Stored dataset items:
══════════════════════════════

Lemma injective_forest_colouring (H : mgraph) a (col : mE H -> 'I_a) :
  injective col -> forest_colouring col.
Proof.
move=> col_inj k vs es x [k_gt1 [_ [es_inj _]]] mono.
have := col_inj _ _ (etrans (mono (Ordinal (ltnW k_gt1))) (esym (mono (Ordinal k_gt1)))).
by move/es_inj/(congr1 val).
Qed.

Lemma Arb_exists H : exists a, is_Arb H a.
Proof.
have [a [[col forest_col] a_min]] :=
  @ex_minn_prop (fun a => exists col : mE H -> 'I_a, forest_colouring col) #|mE H|
  (ex_intro _ _ (injective_forest_colouring (@enum_rank_inj _))).
by exists a; split; [exists col | move=> a' col' /(ex_intro _ col')/a_min].
Qed.

Theorem mainTheorem7 (G : mgraph) (p : nat) :
  loopless G -> 0 < p ->
  forall c, is_Arbp G p c ->
  exists M, is_max_Arb G p.-1 M /\ M <= c ^ p /\
    (forall q : rat, is_nabla_m G p.-1 q -> (q <= M%:R)%R).
Proof.
move=> loopless_G p_gt0 c [[col p_col] _].
have Arb_le H a : subdiv_in G p.-1 H -> is_Arb H a -> a <= c ^ p.
  exact: subdiv_Arb_le loopless_G p_gt0 p_col.
pose P a := exists H, loopless H /\ subdiv_in G p.-1 H /\ is_Arb H a.
have [M [[H_M [lH_M [sH_M aH_M]]] M_max]] : exists M, P M /\ forall a, P a -> a <= M.
  apply: (@ex_maxn_prop P (c ^ p) 0).
    exists empty_mgraph; split; first by case.
    by split; [exact: subdiv_in_empty | exact: empty_is_Arb].
  by move=> a [H [_ [sH aH]]]; exact: Arb_le sH aH.
exists M; split; first by split=> [|H a lH sH aH]; [exists H_M | apply: M_max; exists H].
split; first exact: Arb_le sH_M aH_M.
move=> q [[H [lH [sH [V_gt0 ->]]]] _].
have [a aH] := Arb_exists H; have [[colH forest_colH] _] := aH.
have aM : a <= M by apply: M_max; exists H.
rewrite ler_pdivrMr ?ltr0n // -natrM ler_nat.
exact: leq_trans (forest_card_edges lH forest_colH) (leq_mul aM (leqnn _)).
Qed.
Lemma mulW0 (s : 'rV[K]_2) : (s *m W) 0 0 = - w * s 0 1.
Proof. by rewrite mxE big_ord2 skew_diag (skew_entry 0 1); ring. Qed.

Lemma mulW1 (s : 'rV[K]_2) : (s *m W) 0 1 = w * s 0 0.
Proof. by rewrite mxE big_ord2 skew_diag; ring. Qed.

Lemma w_neq0 : w != 0.
Proof.
apply: contraNneq W_neq0 => w0; apply/eqP/row_matrixP => i.
by rewrite rowE row0; apply: rV2P; rewrite ?mulW0 ?mulW1 w0 !mxE; ring.
Qed.

Lemma dot_mulW_self (a : 'rV[K]_2) : dot a (a *m W) = 0.
Proof. by rewrite dotE mulW0 mulW1; ring. Qed.

Lemma dot_mulWC (a b : 'rV[K]_2) : dot a (b *m W) = - dot b (a *m W).
Proof. by rewrite !dotE !mulW0 !mulW1; ring. Qed.

Lemma mulWW (a : 'rV[K]_2) : a *m W *m W = - w ^+ 2 *: a.
Proof. by apply: rV2P; rewrite ?mulW0 ?mulW1 ?mulW0 ?mulW1 !mxE; ring. Qed.

Lemma mulW_neq0 (a : 'rV[K]_2) : a != 0 -> a *m W != 0.
Proof.
apply: contraNneq => aW0; have := mulWW a; rewrite aW0 mul0mx => /esym/eqP.
by rewrite scaler_eq0 oppr_eq0 expf_eq0 (negbTE w_neq0) andbF.
Qed.

Lemma dot_eq0_mulW (a b : 'rV[K]_2) : a != 0 -> dot a b = 0 -> exists k, b = k *: (a *m W).
Proof.
move=> a0 ab; apply: rV2_collinear; first exact: mulW_neq0.
rewrite mulW0 mulW1; apply/eqP; rewrite -subr_eq0; apply/eqP.
by rewrite -(mulr0 (- w)) -ab dotE; ring.
Qed.

Lemma dot_mulW_eq0 (a b : 'rV[K]_2) : a != 0 -> dot (a *m W) b = 0 -> exists k, b = k *: a.
Proof.
move=> a0 /(dot_eq0_mulW (mulW_neq0 a0)) [k ->].
by exists (k * - w ^+ 2); rewrite mulWW scalerA.
Qed.

Definition on_graph (lam : option K) (a b : 'rV[K]_2) : Prop :=
  match lam with Some l => b = l *: (a *m W) | None => a = 0 end.

Definition graph_vec (lam : option K) (s : 'rV[K]_2) : 'rV[K]_(2 + 2) :=
  match lam with Some l => vecE s (l *: (s *m W)) | None => vecE 0 (s *m W) end.

Lemma on_graph_orth lam a b c d :
  on_graph lam a b -> on_graph lam c d -> qf (vecE a b) (vecE c d) = 0.
Proof.
case: lam => [l -> -> | -> ->]; last by rewrite qfE !dot0l addr0.
by rewrite qfE !dotZr -mulrDr dot_mulWC addNr mulr0.
Qed.

Lemma qf_graph_vec lam s a b : on_graph lam a b -> qf (vecE a b) (graph_vec lam s) = 0.
Proof. by case: lam => [l|] ab; apply: (on_graph_orth ab). Qed.

Lemma qf_graph_vec_self lam s : qf (graph_vec lam s) (graph_vec lam s) = 0.
Proof. by case: lam => [l|]; apply: qf_graph_vec. Qed.

Section MaxIsotropicThroughLine.
Variables (m : nat) (A : 'M[K]_(m, 2 + 2)) (s : 'rV[K]_2).
Hypotheses (maxA : max_isotropic A) (s_neq0 : s != 0).
Hypothesis capA : (Lplus K :&: A == vecE s 0)%MS.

══════════════════════════════

Reproduce the entries above in full, verbatim.

Problem solution:
Lemma injective_forest_colouring (H : mgraph) a (col : mE H -> 'I_a) :
  injective col -> forest_colouring col.
Proof.
move=> col_inj k vs es x [k_gt1 [_ [es_inj _]]] mono.
have := col_inj _ _ (etrans (mono (Ordinal (ltnW k_gt1))) (esym (mono (Ordinal k_gt1)))).
by move/es_inj/(congr1 val).
Qed.

Lemma Arb_exists H : exists a, is_Arb H a.
Proof.
have [a [[col forest_col] a_min]] :=
  @ex_minn_prop (fun a => exists col : mE H -> 'I_a, forest_colouring col) #|mE H|
  (ex_intro _ _ (injective_forest_colouring (@enum_rank_inj _))).
by exists a; split; [exists col | move=> a' col' /(ex_intro _ col')/a_min].
Qed.

Theorem mainTheorem7 (G : mgraph) (p : nat) :
  loopless G -> 0 < p ->
  forall c, is_Arbp G p c ->
  exists M, is_max_Arb G p.-1 M /\ M <= c ^ p /\
    (forall q : rat, is_nabla_m G p.-1 q -> (q <= M%:R)%R).
Proof.
move=> loopless_G p_gt0 c [[col p_col] _].
have Arb_le H a : subdiv_in G p.-1 H -> is_Arb H a -> a <= c ^ p.
  exact: subdiv_Arb_le loopless_G p_gt0 p_col.
pose P a := exists H, loopless H /\ subdiv_in G p.-1 H /\ is_Arb H a.
have [M [[H_M [lH_M [sH_M aH_M]]] M_max]] : exists M, P M /\ forall a, P a -> a <= M.
  apply: (@ex_maxn_prop P (c ^ p) 0).
    exists empty_mgraph; split; first by case.
    by split; [exact: subdiv_in_empty | exact: empty_is_Arb].
  by move=> a [H [_ [sH aH]]]; exact: Arb_le sH aH.
exists M; split; first by split=> [|H a lH sH aH]; [exists H_M | apply: M_max; exists H].
split; first exact: Arb_le sH_M aH_M.
move=> q [[H [lH [sH [V_gt0 ->]]]] _].
have [a aH] := Arb_exists H; have [[colH forest_colH] _] := aH.
have aM : a <= M by apply: M_max; exists H.
rewrite ler_pdivrMr ?ltr0n // -natrM ler_nat.
exact: leq_trans (forest_card_edges lH forest_colH) (leq_mul aM (leqnn _)).
Qed.
Lemma mulW0 (s : 'rV[K]_2) : (s *m W) 0 0 = - w * s 0 1.
Proof. by rewrite mxE big_ord2 skew_diag (skew_entry 0 1); ring. Qed.

Lemma mulW1 (s : 'rV[K]_2) : (s *m W) 0 1 = w * s 0 0.
Proof. by rewrite mxE big_ord2 skew_diag; ring. Qed.

Lemma w_neq0 : w != 0.
Proof.
apply: contraNneq W_neq0 => w0; apply/eqP/row_matrixP => i.
by rewrite rowE row0; apply: rV2P; rewrite ?mulW0 ?mulW1 w0 !mxE; ring.
Qed.

Lemma dot_mulW_self (a : 'rV[K]_2) : dot a (a *m W) = 0.
Proof. by rewrite dotE mulW0 mulW1; ring. Qed.

Lemma dot_mulWC (a b : 'rV[K]_2) : dot a (b *m W) = - dot b (a *m W).
Proof. by rewrite !dotE !mulW0 !mulW1; ring. Qed.

Lemma mulWW (a : 'rV[K]_2) : a *m W *m W = - w ^+ 2 *: a.
Proof. by apply: rV2P; rewrite ?mulW0 ?mulW1 ?mulW0 ?mulW1 !mxE; ring. Qed.

Lemma mulW_neq0 (a : 'rV[K]_2) : a != 0 -> a *m W != 0.
Proof.
apply: contraNneq => aW0; have := mulWW a; rewrite aW0 mul0mx => /esym/eqP.
by rewrite scaler_eq0 oppr_eq0 expf_eq0 (negbTE w_neq0) andbF.
Qed.

Lemma dot_eq0_mulW (a b : 'rV[K]_2) : a != 0 -> dot a b = 0 -> exists k, b = k *: (a *m W).
Proof.
move=> a0 ab; apply: rV2_collinear; first exact: mulW_neq0.
rewrite mulW0 mulW1; apply/eqP; rewrite -subr_eq0; apply/eqP.
by rewrite -(mulr0 (- w)) -ab dotE; ring.
Qed.

Lemma dot_mulW_eq0 (a b : 'rV[K]_2) : a != 0 -> dot (a *m W) b = 0 -> exists k, b = k *: a.
Proof.
move=> a0 /(dot_eq0_mulW (mulW_neq0 a0)) [k ->].
by exists (k * - w ^+ 2); rewrite mulWW scalerA.
Qed.

Definition on_graph (lam : option K) (a b : 'rV[K]_2) : Prop :=
  match lam with Some l => b = l *: (a *m W) | None => a = 0 end.

Definition graph_vec (lam : option K) (s : 'rV[K]_2) : 'rV[K]_(2 + 2) :=
  match lam with Some l => vecE s (l *: (s *m W)) | None => vecE 0 (s *m W) end.

Lemma on_graph_orth lam a b c d :
  on_graph lam a b -> on_graph lam c d -> qf (vecE a b) (vecE c d) = 0.
Proof.
case: lam => [l -> -> | -> ->]; last by rewrite qfE !dot0l addr0.
by rewrite qfE !dotZr -mulrDr dot_mulWC addNr mulr0.
Qed.

Lemma qf_graph_vec lam s a b : on_graph lam a b -> qf (vecE a b) (graph_vec lam s) = 0.
Proof. by case: lam => [l|] ab; apply: (on_graph_orth ab). Qed.

Lemma qf_graph_vec_self lam s : qf (graph_vec lam s) (graph_vec lam s) = 0.
Proof. by case: lam => [l|]; apply: qf_graph_vec. Qed.

Section MaxIsotropicThroughLine.
Variables (m : nat) (A : 'M[K]_(m, 2 + 2)) (s : 'rV[K]_2).
Hypotheses (maxA : max_isotropic A) (s_neq0 : s != 0).
Hypothesis capA : (Lplus K :&: A == vecE s 0)%MS.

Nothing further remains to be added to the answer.